(* There exists a polyhedral complex $\mathcal C$ of $\mathbb R^{n(n+1)/2}$ with support $\widetilde{K}$, such that the image by $\Phi$ of the set of matrices $A \in {\operatorname{\mathsf{TPD}}}_n(\mathbb{S}_{\max}^{\vee})$ such that all the eigenvalues of $A$ are simple and all the vectors $v^{(k)}$ are in $(\mathbb{S}_{\max}^{\vee}\setminus\{\mathbf{0}\})^n$ contains all the interiors of cells of maximal dimension of $\mathcal C$.
   Context: Here $\Gamma=\mathbb R$ and $\mathbb{S}_{\max}=\mathbb{S}_{\max}(\mathbb R)$ is the symmetrized tropical semiring, with zero $\mathbf{0}$, unit $\mathbf{1}$, minus $\ominus$, modulus $|\cdot|$ with values in $\mathbb{R}_{\max}=\mathbb R\cup\{-\infty\}$; $\mathbb{S}_{\max}^\vee$ is the set of signed elements. $A\in{\operatorname{\mathsf{TPD}}}_n(\mathbb{S}_{\max}^\vee)$: $A=(a_{ij})$ symmetric with signed entries, $\mathbf{0}<a_{ii}$ and $a_{ij}^2<a_{ii}a_{jj}$ for $i\ne j$. $\Psi(A)=(a_{ij})_{1\le i\le j\le n}$, $\mu$ applies the modulus entrywise, $\Phi=\mu\circ\Psi$, $K=\Phi({\operatorname{\mathsf{TPD}}}_n(\mathbb{S}_{\max}^\vee))$, and $\widetilde K$ is the closure in $\mathbb R^{n(n+1)/2}$ of $K\cap\mathbb R^{n(n+1)/2}=\{x: 2x_{ij}<x_{ii}+x_{jj}\ \forall i<j\}$, a convex polyhedron of dimension $n(n+1)/2$. The $\mathbb{S}_{\max}$-eigenvalues of $A$ are its diagonal entries $\gamma_k=a_{kk}$; after reindexing so that $\gamma_1\succeq\cdots\succeq\gamma_n$, $v^{(k)}=(\gamma_k I\ominus A)^{\mathrm{adj}}_{:,k}$. A polyhedral complex is a collection of polyhedra (cells) any two of which intersect in a common face or not at all; its support is the union of its cells. *)

From HB Require Import structures.
From mathcomp Require Import all_boot all_order all_algebra all_fingroup.
From mathcomp Require Import reals.
Set Implicit Arguments. Unset Strict Implicit. Unset Printing Implicit Defensive.
Import Order.TTheory GRing.Theory Num.Theory.
Local Open Scope ring_scope.
Lemma leval_window_iff A B l i k x f :
  layer_Md lam l i k x -> in_lang L f -> forall rho, (forall q, layer_Md lam l i 0 (rho q)) ->
  leval V (layer_Md lam l i 0) adj
    (expandU (restrictU (layer_Md lam l i 0) U) Csym A Msym B) k x rho f
  <-> leval V (fun _ => True) adj U k x rho f.
Proof.
  intros Hx. induction f as [| | | |c t|f IH|f IHf g IHg|f IHf g IHg|f IHf g IHg|y f IH|y f IH];
    intros HL rho Hrho; simpl in *; try tauto.
  - unfold expandU, restrictU.
    destruct (Nat.eqb_spec c Csym); [subst; contradiction|].
    destruct (Nat.eqb_spec c Msym); [subst; contradiction|].
    assert (layer_Md lam l i 0 (tval V x rho t))
      by (destruct t; simpl; auto; apply (layer_Md_mono V lam l i 0 k); auto; lia).
    tauto.
  - rewrite (IH HL rho Hrho). tauto.
  - destruct HL as [Hf Hg]. rewrite (IHf Hf rho Hrho), (IHg Hg rho Hrho). tauto.
  - destruct HL as [Hf Hg]. rewrite (IHf Hf rho Hrho), (IHg Hg rho Hrho). tauto.
  - destruct HL as [Hf Hg]. rewrite (IHf Hf rho Hrho), (IHg Hg rho Hrho). tauto.
  - split.
    + intros [v [Hv [Hd Hf]]]. exists v. split; [exact I|split].
      * exact (dle_forget_domain V adj _ k x v Hd).
      * apply (IH HL); auto. apply upd_valued_in; auto.
    + intros [v [_ [Hd Hf]]].
      pose proof (dle_in_window V adj lam lam_lay l i k x v Hx Hd) as Hd'.
      pose proof (dle_target_in_domain V adj _ k x v Hd') as Hv.
      exists v. split; [|split]; auto.
      apply (IH HL); auto. apply upd_valued_in; auto.
  - split.
    + intros Hall v _ Hd.
      pose proof (dle_in_window V adj lam lam_lay l i k x v Hx Hd) as Hd'.
      pose proof (dle_target_in_domain V adj _ k x v Hd') as Hv.
      apply (IH HL); [apply upd_valued_in; auto|]. auto.
    + intros Hall v Hv Hd.
      apply (IH HL); [apply upd_valued_in; auto|].
      apply Hall; [exact I|]. exact (dle_forget_domain V adj _ k x v Hd).
Qed.

End Locality.

Definition plan_sum (p : Z -> nat) (s : list Z) : nat :=
  fold_right (fun i acc => (p i + acc)%nat) 0%nat s.

Lemma pigeonhole_fiber (c : nat -> Z) (p : Z -> nat) s ks :
  NoDup ks -> (forall k, In k ks -> In (c k) s \/ p (c k) = 0%nat) ->
  (plan_sum p s < length ks)%nat ->
  exists I ks', NoDup ks' /\ incl ks' ks /\ (forall k, In k ks' -> c k = I) /\
    (p I < length ks')%nat.
Proof.
  revert ks. induction s as [|a s IH]; intros ks Hks Hin Hlen; simpl in Hlen.
  - destruct ks as [|k ks]; simpl in Hlen; [lia|].
    destruct (Hin k (or_introl eq_refl)) as [[]|Hp0].
    exists (c k), (k :: nil). repeat split.
    + constructor; [intros []|constructor].
    + intros y [<-|[]]. now left.
    + intros y [<-|[]]. reflexivity.
    + simpl. lia.
  - set (hit := fun k => Z.eqb (c k) a).
    pose proof (filter_length hit ks) as Hsplit.
    destruct (le_lt_dec (length (filter hit ks)) (p a)) as [Hfew|Hmany].
    + destruct (IH (filter (fun k => negb (hit k)) ks)) as [I [ks' [H1 [H2 [H3 H4]]]]].
      * now apply NoDup_filter.
      * intros k Hk. apply filter_In in Hk as [Hk Hmiss].
        unfold hit in Hmiss. destruct (Z.eqb_spec (c k) a); [discriminate|].
        destruct (Hin k Hk) as [[E|E]|E]; auto; congruence.
      * lia.
      * exists I, ks'. repeat split; auto.
        intros y Hy. apply H2, filter_In in Hy. tauto.
    + exists a, (filter hit ks). repeat split.
      * now apply NoDup_filter.
      * intros y Hy. apply filter_In in Hy. tauto.
      * intros y Hy. apply filter_In in Hy as [_ Hy]. now apply Z.eqb_eq.
      * exact Hmany.
Qed.

Section Cover.
Variables (l r : nat) (n : Z).

(* the start of the cover interval whose M_r-core contains the layer z *)
Definition cover_start (z : Z) : Z :=
  let w := Z.of_nat l - 2 * Z.of_nat r in n + ((z - n - Z.of_nat r) / w) * w.

Lemma cover_start_in_cover z : in_cover l r n (cover_start z).
Proof. eexists. reflexivity. Qed.

Lemma cover_start_core z : (2 * r < l)%nat ->
  cover_start z + Z.of_nat r <= z <= cover_start z + Z.of_nat l - Z.of_nat r - 1.
Proof.
  intros Hl. unfold cover_start. set (w := Z.of_nat l - 2 * Z.of_nat r).
  assert (Hw : 0 < w) by lia.
  pose proof (Z.div_mod (z - n - Z.of_nat r) w ltac:(lia)).
  pose proof (Z.mod_pos_bound (z - n - Z.of_nat r) w Hw).
  rewrite (Z.mul_comm _ w). lia.
Qed.

(* Consecutive cover intervals overlap in exactly 2r layers, so the M_2r-cores of
   distinct intervals are at layer distance more than 2r. *)
Lemma cover_cores_far_apart a b x y : (4 * r < l)%nat ->
  in_cover l r n a -> in_cover l r n b -> a <> b ->
  a + Z.of_nat (2 * r) <= x <= a + Z.of_nat l - Z.of_nat (2 * r) - 1 ->
  b + Z.of_nat (2 * r) <= y <= b + Z.of_nat l - Z.of_nat (2 * r) - 1 ->
  Z.of_nat (2 * r) < Z.abs (x - y).
Proof.
  intros Hl [ka Ea] [kb Eb] Hab Hx Hy.
  set (w := Z.of_nat l - 2 * Z.of_nat r) in *.
  assert (ka <> kb) by (intro; subst; congruence).
  destruct (Z.lt_total ka kb) as [h|[h|h]]; [|congruence|].
  - assert ((kb - ka) * w >= w) by nia. lia.
  - assert ((ka - kb) * w >= w) by nia. lia.
Qed.

End Cover.

Lemma far_concat {V} (D : V -> Prop) adj k (ys xs : nat -> V) a b :
  far D adj k ys a -> far D adj k xs b ->
  (forall i j, (i < a)%nat -> (j < b)%nat -> ~ dle V D adj (2 * k) (ys i) (xs j)) ->
  far D adj k (fun j => if (j <? a)%nat then ys j else xs (j - a)%nat) (a + b).
Proof.
  intros Hys Hxs Hcross i j Hij.
  destruct (Nat.ltb_spec i a), (Nat.ltb_spec j a).
  - apply Hys; lia.
  - apply Hcross; lia.
  - lia.
  - apply Hxs; lia.
Qed.

Definition window_preds {V} (U : nat -> V -> Prop) (lam : V -> Z) (l r : nat) (i : Z)
    (Csym Msym : nat) : nat -> V -> Prop :=
  expandU (restrictU (layer_Md lam l i 0) U)
    Csym (layer_Md lam l i (2 * r)) Msym (layer_Md lam l i r).

Section Windows.
Variables (V : Type) (adj : V -> V -> Prop) (L : list nat) (U : nat -> V -> Prop).
Variables (phi : basic) (Csym Msym : nat) (lam : V -> Z) (r l : nat) (n : Z) (p : Z -> nat).
Hypotheses (adj_sym : forall u v, adj u v -> adj v u) (phi_L : in_lang L (core phi))
  (C_L : ~ In Csym L) (M_L : ~ In Msym L)
  (lam_lay : is_layering adj lam) (Hr : (range phi <= r)%nat) (Hl : (4 * r < l)%nat).
Hypothesis windows_sat : forall i, in_cover l r n i ->
  sat_variant (layer_Md lam l i 0) adj (window_preds U lam l r i Csym Msym) Csym Msym (p i) phi.

Lemma window_preds_C i v : window_preds U lam l r i Csym Msym Csym v = layer_Md lam l i (2 * r) v.
Proof. unfold window_preds, expandU. now rewrite Nat.eqb_refl. Qed.

Lemma holds_window_iff i x : layer_Md lam l i r x ->
  holds V (layer_Md lam l i 0) adj (window_preds U lam l r i Csym Msym) (range phi) (core phi) x
  <-> holds V (fun _ => True) adj U (range phi) (core phi) x.
Proof.
  intros Hx. apply (leval_window_iff V adj lam lam_lay L U Csym Msym C_L M_L).
  - exact (layer_Md_mono V lam l i _ r x Hr Hx).
  - exact phi_L.
  - intros _. exact (layer_Md_mono V lam l i 0 r x (Nat.le_0_l r) Hx).
Qed.

Lemma far_family_of_windows (Hex : bk phi = BExists) (v0 : V) s :
  NoDup s -> (forall i, In i s -> in_cover l r n i) ->
  exists xs : nat -> V,
    (forall k, (k < plan_sum p s)%nat -> exists i, In i s /\ layer_Md lam l i (2 * r) (xs k)) /\
    far (fun _ => True) adj (range phi) xs (plan_sum p s) /\
    (forall k, (k < plan_sum p s)%nat -> holds V (fun _ => True) adj U (range phi) (core phi) (xs k)).
Proof.
  induction s as [|a s IH]; intros Hnd Hcov; simpl plan_sum.
  - exists (fun _ => v0). split; [|split]; intros k; simpl; lia.
  - apply NoDup_cons_iff in Hnd as [Ha_s Hnd].
    destruct (IH Hnd (fun i Hi => Hcov i (or_intror Hi))) as [xs [Xcore [Xfar Xholds]]].
    assert (Ha := Hcov a (or_introl eq_refl)).
    pose proof (windows_sat a Ha) as Hsat. unfold sat_variant in Hsat. rewrite Hex in Hsat.
    destruct Hsat as [ys [_ [Yfar Ycore]]].
    assert (Yin : forall k, (k < p a)%nat -> layer_Md lam l a (2 * r) (ys k))
      by (intros k Hk; rewrite <- window_preds_C; apply Ycore, Hk).
    exists (fun k => if (k <? p a)%nat then ys k else xs (k - p a)%nat). split; [|split].
    + intros k Hk. destruct (Nat.ltb_spec k (p a)).
      * exists a. split; [now left | auto].
      * destruct (Xcore (k - p a)%nat ltac:(lia)) as [i [Hi Hxi]]. exists i. split; [now right | auto].
    + apply far_concat; auto.
      * intros i j Hij Hd. apply (Yfar i j Hij).
        apply (dle_in_window V adj lam lam_lay); auto.
        apply (layer_Md_mono V lam l a _ (2 * r)); [lia | apply Yin; lia].
      * intros i j Hi Hj Hd. destruct (Xcore j Hj) as [b [Hb Hxb]].
        assert (Hab : a <> b) by (intro; subst; contradiction).
        pose proof (Yin i Hi) as Hya. unfold layer_Md in Hya, Hxb.
        pose proof (cover_cores_far_apart l r n a b _ _ Hl Ha (Hcov b (or_intror Hb)) Hab Hya Hxb).
        pose proof (dle_layer_bound V adj lam lam_lay _ _ _ _ Hd). lia.
    + intros k Hk. destruct (Nat.ltb_spec k (p a)) as [Hka|Hka].
      * apply (holds_window_iff a).
        -- apply (layer_Md_mono V lam l a r (2 * r)); [lia | auto].
        -- apply Ycore, Hka.
      * apply Xholds. lia.
Qed.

Exercise: Going down the listing above, begin printing at the line with "Lemma far_family_of_windows (Hex" and finish with the line with "induction s as [|a s IH]; intros Hnd", exactly as they appear.

Output of the task:
Lemma far_family_of_windows (Hex : bk phi = BExists) (v0 : V) s :
  NoDup s -> (forall i, In i s -> in_cover l r n i) ->
  exists xs : nat -> V,
    (forall k, (k < plan_sum p s)%nat -> exists i, In i s /\ layer_Md lam l i (2 * r) (xs k)) /\
    far (fun _ => True) adj (range phi) xs (plan_sum p s) /\
    (forall k, (k < plan_sum p s)%nat -> holds V (fun _ => True) adj U (range phi) (core phi) (xs k)).
Proof.
  induction s as [|a s IH]; intros Hnd Hcov; simpl plan_sum.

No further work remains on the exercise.